TASK ITEM -> Please quote exactly the opening lines of the data, from the first line to the one where "Lemma supp_in_shift_sone : supp_in_shift" appears.

Saved entries ->
'''
Lemma smul_smono c d a b : smul (smono c a) (smono d b) = smono (c * d) (a + b) :> series K A.
Proof.
apply/funext => x; rewrite smul_smonol /smono subr_eq (addrC b).
by case: ifP; rewrite ?mulr0.
Qed.

Lemma iter_smul_smono (c : K) (a : A) m : c != 0 ->
  exists2 d, d != 0 & iter m (smul (smono c a)) (@sone K A) = smono d (a *+ m).
Proof.
move=> c0; elim: m => [|m [d d0 IH]]; first by exists 1; rewrite ?oner_neq0 ?mulr0n.
by exists (c * d); rewrite ?mulf_neq0 //= IH smul_smono mulrS.
Qed.

Variable le : rel A.

Lemma sord_least (X : series K A) :
  hahn le X -> X <> @szero K A -> is_least le (supp X) (sord le X).
Proof.
move=> hX X_neq0; rewrite /sord; case: pselect => [|no_least]; first by case=> ? ? /=; case: cid.
exfalso; apply: no_least; apply: hX => //; apply: contrapT => supp0; apply: X_neq0.
by apply/funext => a; apply: contrapT => /eqP Xa; apply: supp0; exists a.
Qed.

Hypothesis leA : TOA le.

Lemma hahn_smono (c : K) a : hahn le (smono c a).
Proof.
move=> Z Zsupp [z Zz]; have supp_a y : Z y -> y = a.
  by move=> /Zsupp; rewrite /supp /= /smono; case: (y =P a) => //; rewrite eqxx.
by exists a; split=> [|y /supp_a ->]; [rewrite -(supp_a _ Zz) | exact: toa_refl].
Qed.

Lemma sinv_smono (c : K) a : c != 0 -> sinv le (smono c a) = smono c^-1 (- a).
Proof.
move=> c0; rewrite /sinv; case: pselect => [inv_ex|]; last first.
  case; exists (smono c^-1 (- a)); split; first exact: hahn_smono.
  by rewrite smul_smono mulfV // subrr.
case: cid => Y [_ /= /(congr1 (fun Z => Z (_ + a)))] inv_eq.
apply/funext => x; apply: (mulfI c0); have := inv_eq x.
by rewrite smul_smonol addrK /sone /smono addr_eq0 => ->; case: ifP; rewrite ?mulfV ?mulr0.
Qed.

Lemma spowz_smono (c : K) a k : c != 0 ->
  exists2 d, d != 0 & spowz le (smono c a) k = smono d (a *~ k).
Proof.
move=> c0; case: k => m; rewrite /spowz; first by rewrite -pmulrn; exact: iter_smul_smono.
rewrite sinv_smono // NegzE mulrNz -pmulrn -mulNrn.
exact: iter_smul_smono (invr_neq0 c0).
Qed.

Section SupportInShiftedMonoid.
Variables (M : set A) (M0 : M 0) (MD : forall x y, M x -> M y -> M (x + y)).

Definition supp_in_shift (a : A) (X : series K A) : Prop :=
  forall b, X b != 0 -> M (b - a).

Lemma supp_in_shift_sone : supp_in_shift 0 (@sone K A).
Proof. by move=> b; rewrite /sone /smono; case: (b =P 0) => [->|]; rewrite ?subrr ?eqxx. Qed.

Lemma supp_in_shift_smul X Y a b :
  supp_in_shift a X -> supp_in_shift b Y -> supp_in_shift (a + b) (smul X Y).
Proof.
move=> XM YM x /smul_neq0[[p1 p2] [/= <- Xp1 Yp2]].
by rewrite opprD addrACA; apply: MD; [apply: XM | apply: YM].
Qed.

Lemma supp_in_shift_iter X a m :
  supp_in_shift a X -> supp_in_shift (a *+ m) (iter m (smul X) (@sone K A)).
Proof.
move=> XM; elim: m => [|m IH]; first by rewrite mulr0n; exact: supp_in_shift_sone.
by rewrite mulrS; apply: supp_in_shift_smul.
Qed.

(* Were [m] the least exponent of [Y := sinv X] outside [-o + M], the coefficient of
   [X * Y = 1] at [o + m] would be [X o * Y m != 0], forcing [o + m = 0], i.e. [m + o \in M].
   No inverse at all is fine too: [sinv] then returns [0]. *)
Lemma supp_in_shift_sinv (X : series K A) o :
  is_least le (supp X) o -> supp_in_shift o X -> supp_in_shift (- o) (sinv le X).
Proof.
move=> [Xo o_min] XM; rewrite /sinv; case: pselect => [XY_ex|_]; last by move=> b; rewrite eqxx.
case: cid => Y [hY XY1] /= b Yb; rewrite opprK; apply: contrapT => bM.
have [|m [[Ym mM] m_min]] := hY [set y | Y y != 0 /\ ~ M (y + o)] (fun y => @proj1 _ _).
  by exists b.
have XYom : smul X Y (o + m) = X o * Y m.
  rewrite /smul (@fsumr_single _ _ _ (o, m)) //= => -[p1 p2] /= p12.
  rewrite mulf_eq0 negb_or => /andP[Xp1 Yp2].
  have [p1o|p1o] := eqVneq p1 o; first by move: p12; rewrite p1o => /addrI ->.
  have o_lt_p1 : ~~ le p1 o.
    by apply: contraNN p1o => p1_le; apply/eqP; exact: (toa_anti leA p1_le (o_min _ Xp1)).
  have p2M : M (p2 + o).
    apply: contrapT => p2_nM; case/negP: o_lt_p1.
    rewrite -(toa_leD2r leA p2) p12 ![o + _]addrC (toa_leD2r leA).
    exact: m_min.
  have := MD p2M (XM _ Xp1).
  by rewrite addrACA subrr addr0 addrC p12 addrC => /mM.
have := congr1 (fun Z => Z (o + m)) XY1; rewrite /= XYom /sone /smono.
case: eqP => [om0 _|_ /eqP]; last by rewrite mulf_eq0 (negPf Xo) (negPf Ym).
by case: mM; rewrite addrC om0.
Qed.

End SupportInShiftedMonoid.

End SeriesAlgebra.

Section Substitution.
Variables (K : fieldType) (G : zmodType) (n : nat) (le : rel (GH G n)) (leA : TOA le).
Variables (F : 'I_n -> series K (GH G n)) (hahnF : forall i, hahn le (F i)).
Hypotheses (F_neq0 : forall i, F i <> @szero K _) (jacF : jacobian_number le F != 0).
Variable phi : 'rV[int]_n -> series K G.
Local Notation A := (GH G n).

Let o i := sord le (F i).
Let o_least i : is_least le (supp (F i)) (o i) := sord_least (@hahnF i) (@F_neq0 i).

Definition pow_ord (k : 'rV[int]_n) : A := \sum_(i < n) o i *~ k ord0 i.

Lemma fendoE g k : fendo le F (g, k) = (g, 0) + pow_ord k.
Proof.
rewrite /fendo /pow_ord; congr (_, _); rewrite /= ?add0r raddf_sum.
  by congr (_ + _); apply: eq_bigr => i _; rewrite raddfMz.
apply/rowP => j; rewrite mxE summxE; apply: eq_bigr => i _.
by rewrite raddfMz -scaler_int !mxE intz mulrC.
Qed.

Section InitialTerms.
Let f i := sinit le (F i).
Let T := subst_terms le phi f.

Lemma prod_spowz_sinit (k : 'rV[int]_n) : exists2 d : K, d != 0 &
  \big[@smul K _/@sone K _]_(i < n) spowz le (f i) (k ord0 i) = smono d (pow_ord k).
Proof.
rewrite /pow_ord; apply: (big_rec2 (fun X a => exists2 d, d != 0 & X = smono d a)).
  by exists 1; rewrite ?oner_neq0.
move=> i _ a _ [d d0 ->]; have [Fo _] := o_least i.
have [d' d'0 ->] := spowz_smono leA (o i) (k ord0 i) Fo.
by exists (d' * d); rewrite ?mulf_neq0 // smul_smono.
Qed.

Lemma sinit_term_neq0 (k : 'rV[int]_n) b :
  T k b != 0 <-> exists2 g, phi k g != 0 & b = fendo le F (g, k).
Proof.
rewrite /T /subst_terms; have [d d0 ->] := prod_spowz_sinit k.
rewrite smul_smonor mulf_eq0 (negPf d0) orbF /liftG; split.
  case: ((b - pow_ord k).2 =P 0) => [bk0 phi_neq0|]; last by rewrite eqxx.
  exists (b - pow_ord k).1 => //; rewrite fendoE -bk0 -surjective_pairing.
  by rewrite subrK.
by move=> [g phi_neq0 ->]; rewrite fendoE addrK eqxx.
Qed.

Lemma sinit_terms_disjoint k k' b : T k b != 0 -> T k' b != 0 -> k = k'.
Proof.
move=> /sinit_term_neq0[g _ ->] /sinit_term_neq0[g' _ /(congr1 snd) /= kk'].
exact: mulmx_det_neq0_inj jacF kk'.
Qed.

Lemma sinit_terms_finite b : finite_set [set k | T k b != 0].
Proof.
have [[k Tk]|no_k] := pselect (exists k, T k b != 0).
  by apply: (sub_finite_set _ (finite_set1 k)) => k' Tk'; exact: sinit_terms_disjoint Tk' Tk.
by apply: (sub_finite_set _ (finite_set0 _)) => k' Tk'; apply: no_k; exists k'.
Qed.

Lemma supp_sinit_sum : supp (fun b => \sum_(k \in [set k | T k b != 0]) T k b) =
  fendo le F @` supp (series_of_coefs phi).
Proof.
apply/seteqP; split=> [b /fsumr_neq0[k _ /sinit_term_neq0[g phi_neq0 ->]]|].
  by exists (g, k).
move=> _ [[g k] phi_neq0 <-]; have Tk : T k (fendo le F (g, k)) != 0.
  by apply/sinit_term_neq0; exists g.
by rewrite /supp /= (fsumr_single (x := k)) // => k' Tk' _; exact: sinit_terms_disjoint Tk' Tk.
Qed.

Lemma sinit_subst_converges :
  hahn (le_f le F) (series_of_coefs phi) <-> strictly_converges le T.
Proof.
rewrite /strictly_converges /hahn /le_f well_ordered_image supp_sinit_sum.
by split=> [|[]//]; split=> //; exact: sinit_terms_finite.
Qed.

End InitialTerms.

Section Perturbation.
(* The support of [F i / f i - 1]. *)
Let eps_supp i : set A := [set a | F i (a + o i) != 0 /\ a != 0].
Let S := \bigcup_i eps_supp i.
Let M := monoid_gen S.

Lemma eps_supp_gt0 a : S a -> ~~ le a 0.
Proof.
move=> [i _ [Fao a_neq0]]; apply: contra a_neq0 => a_le0; apply/eqP.
apply: (toa_anti leA a_le0); have [_ o_min] := o_least i.
by rewrite -(toa_leD2r leA (o i)) add0r; apply: o_min.
Qed.

Lemma well_ordered_eps_supp : well_ordered le S.
Proof.
apply: (well_ordered_bigcup leA) => i.
apply: (well_ordered_sub _ (@well_ordered_shift _ _ leA (supp (F i)) (- o i) (@hahnF i))).
by move=> a [Fao _]; exists (a + o i) => //; rewrite addrK.
Qed.

Let M0 : M 0 := monoid_gen0 S.
Let MD : forall a b, M a -> M b -> M (a + b) := @monoid_genD _ S.

Lemma supp_in_shift_F i : supp_in_shift M (o i) (F i).
Proof.
move=> b Fb; have [/eqP ->|bo] := boolP (b == o i); first by rewrite subrr.
by apply: monoid_gen_gen; exists i => //; split; rewrite ?subrK ?subr_eq0.
Qed.

Lemma supp_in_shift_spowz i (m : int) : supp_in_shift M (o i *~ m) (spowz le (F i) m).
Proof.
case: m => m; rewrite /spowz.
  by rewrite -pmulrn; apply: (supp_in_shift_iter M0 MD); apply: supp_in_shift_F.
rewrite NegzE mulrNz -pmulrn -mulNrn; apply: (supp_in_shift_iter M0 MD).
exact: (supp_in_shift_sinv leA M0 MD (o_least i) (@supp_in_shift_F i)).
Qed.

Lemma supp_in_shift_prod (k : 'rV[int]_n) : supp_in_shift M (pow_ord k)
  (\big[@smul K _/@sone K _]_(i < n) spowz le (F i) (k ord0 i)).
Proof.
apply: (big_rec2 (fun a X => supp_in_shift M a X)); first exact: supp_in_shift_sone.
by move=> i a X _ XM; apply: supp_in_shift_smul => //; apply: supp_in_shift_spowz.
Qed.

Lemma subst_term_neq0 k b : subst_terms le phi F k b != 0 ->
  exists2 g, phi k g != 0 & M (b - fendo le F (g, k)).
Proof.
move=> /smul_neq0[[[g h] c] [/= <- phi_neq0 prod_neq0]].
move: phi_neq0; rewrite /liftG /=; case: (h =P 0) => [-> phi_neq0|]; last by rewrite eqxx.
exists g => //; rewrite fendoE opprD addrACA subrr add0r.
exact: supp_in_shift_prod prod_neq0.
Qed.

Lemma subst_converges :
  hahn (le_f le F) (series_of_coefs phi) -> strictly_converges le (subst_terms le phi F).
Proof.
rewrite /hahn /le_f well_ordered_image => wPhi.
have wM : well_ordered le M := well_ordered_monoid_gen leA well_ordered_eps_supp eps_supp_gt0.
split=> [b|].
  have B_inj : injective (fun k : 'rV[int]_n => k *m bmatrix le F).
    by move=> k k'; apply: mulmx_det_neq0_inj jacF.
  have := finite_preimage (in2W B_inj) (finite_image snd (finite_decompositions leA b wPhi wM)).
  apply: sub_finite_set => k /subst_term_neq0[g phi_neq0 bM].
  by exists (fendo le F (g, k)); first by split=> //; exists (g, k).
apply: (well_ordered_sub _ (well_ordered_addset leA wPhi wM)).
move=> b /fsumr_neq0[k _ /subst_term_neq0[g phi_neq0 bM]].
exists (fendo le F (g, k)); first by exists (g, k).
by exists (b - fendo le F (g, k)); rewrite // addrC subrK.
Qed.

End Perturbation.
End Substitution.

Theorem mainTheorem5 (K : fieldType) (G : zmodType) (n : nat)
  (le : rel (GH G n)) (Hle : TOA le)
  (F : 'I_n -> series K (GH G n))
  (HF : forall i, hahn le (F i))
  (HFnz : forall i, F i <> @szero K _)
  (Hj : jacobian_number le F != 0)
  (phi : 'rV[int]_n -> series K G)
  (Hphi : forall k, hahn (leG le) (phi k)) :
  let f := fun i => sinit le (F i) in
  (hahn (le_f le F) (series_of_coefs phi) <->
     strictly_converges le (subst_terms le phi f)) /\
  (hahn (le_f le F) (series_of_coefs phi) ->
     strictly_converges le (subst_terms le phi F)).
Proof.
move=> f; split; first exact: (sinit_subst_converges Hle HF HFnz Hj phi).
exact: (subst_converges Hle HF HFnz Hj).
Qed.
'''
OUTPUT ->
Lemma smul_smono c d a b : smul (smono c a) (smono d b) = smono (c * d) (a + b) :> series K A.
Proof.
apply/funext => x; rewrite smul_smonol /smono subr_eq (addrC b).
by case: ifP; rewrite ?mulr0.
Qed.

Lemma iter_smul_smono (c : K) (a : A) m : c != 0 ->
  exists2 d, d != 0 & iter m (smul (smono c a)) (@sone K A) = smono d (a *+ m).
Proof.
move=> c0; elim: m => [|m [d d0 IH]]; first by exists 1; rewrite ?oner_neq0 ?mulr0n.
by exists (c * d); rewrite ?mulf_neq0 //= IH smul_smono mulrS.
Qed.

Variable le : rel A.

Lemma sord_least (X : series K A) :
  hahn le X -> X <> @szero K A -> is_least le (supp X) (sord le X).
Proof.
move=> hX X_neq0; rewrite /sord; case: pselect => [|no_least]; first by case=> ? ? /=; case: cid.
exfalso; apply: no_least; apply: hX => //; apply: contrapT => supp0; apply: X_neq0.
by apply/funext => a; apply: contrapT => /eqP Xa; apply: supp0; exists a.
Qed.

Hypothesis leA : TOA le.

Lemma hahn_smono (c : K) a : hahn le (smono c a).
Proof.
move=> Z Zsupp [z Zz]; have supp_a y : Z y -> y = a.
  by move=> /Zsupp; rewrite /supp /= /smono; case: (y =P a) => //; rewrite eqxx.
by exists a; split=> [|y /supp_a ->]; [rewrite -(supp_a _ Zz) | exact: toa_refl].
Qed.

Lemma sinv_smono (c : K) a : c != 0 -> sinv le (smono c a) = smono c^-1 (- a).
Proof.
move=> c0; rewrite /sinv; case: pselect => [inv_ex|]; last first.
  case; exists (smono c^-1 (- a)); split; first exact: hahn_smono.
  by rewrite smul_smono mulfV // subrr.
case: cid => Y [_ /= /(congr1 (fun Z => Z (_ + a)))] inv_eq.
apply/funext => x; apply: (mulfI c0); have := inv_eq x.
by rewrite smul_smonol addrK /sone /smono addr_eq0 => ->; case: ifP; rewrite ?mulfV ?mulr0.
Qed.

Lemma spowz_smono (c : K) a k : c != 0 ->
  exists2 d, d != 0 & spowz le (smono c a) k = smono d (a *~ k).
Proof.
move=> c0; case: k => m; rewrite /spowz; first by rewrite -pmulrn; exact: iter_smul_smono.
rewrite sinv_smono // NegzE mulrNz -pmulrn -mulNrn.
exact: iter_smul_smono (invr_neq0 c0).
Qed.

Section SupportInShiftedMonoid.
Variables (M : set A) (M0 : M 0) (MD : forall x y, M x -> M y -> M (x + y)).

Definition supp_in_shift (a : A) (X : series K A) : Prop :=
  forall b, X b != 0 -> M (b - a).

Lemma supp_in_shift_sone : supp_in_shift 0 (@sone K A).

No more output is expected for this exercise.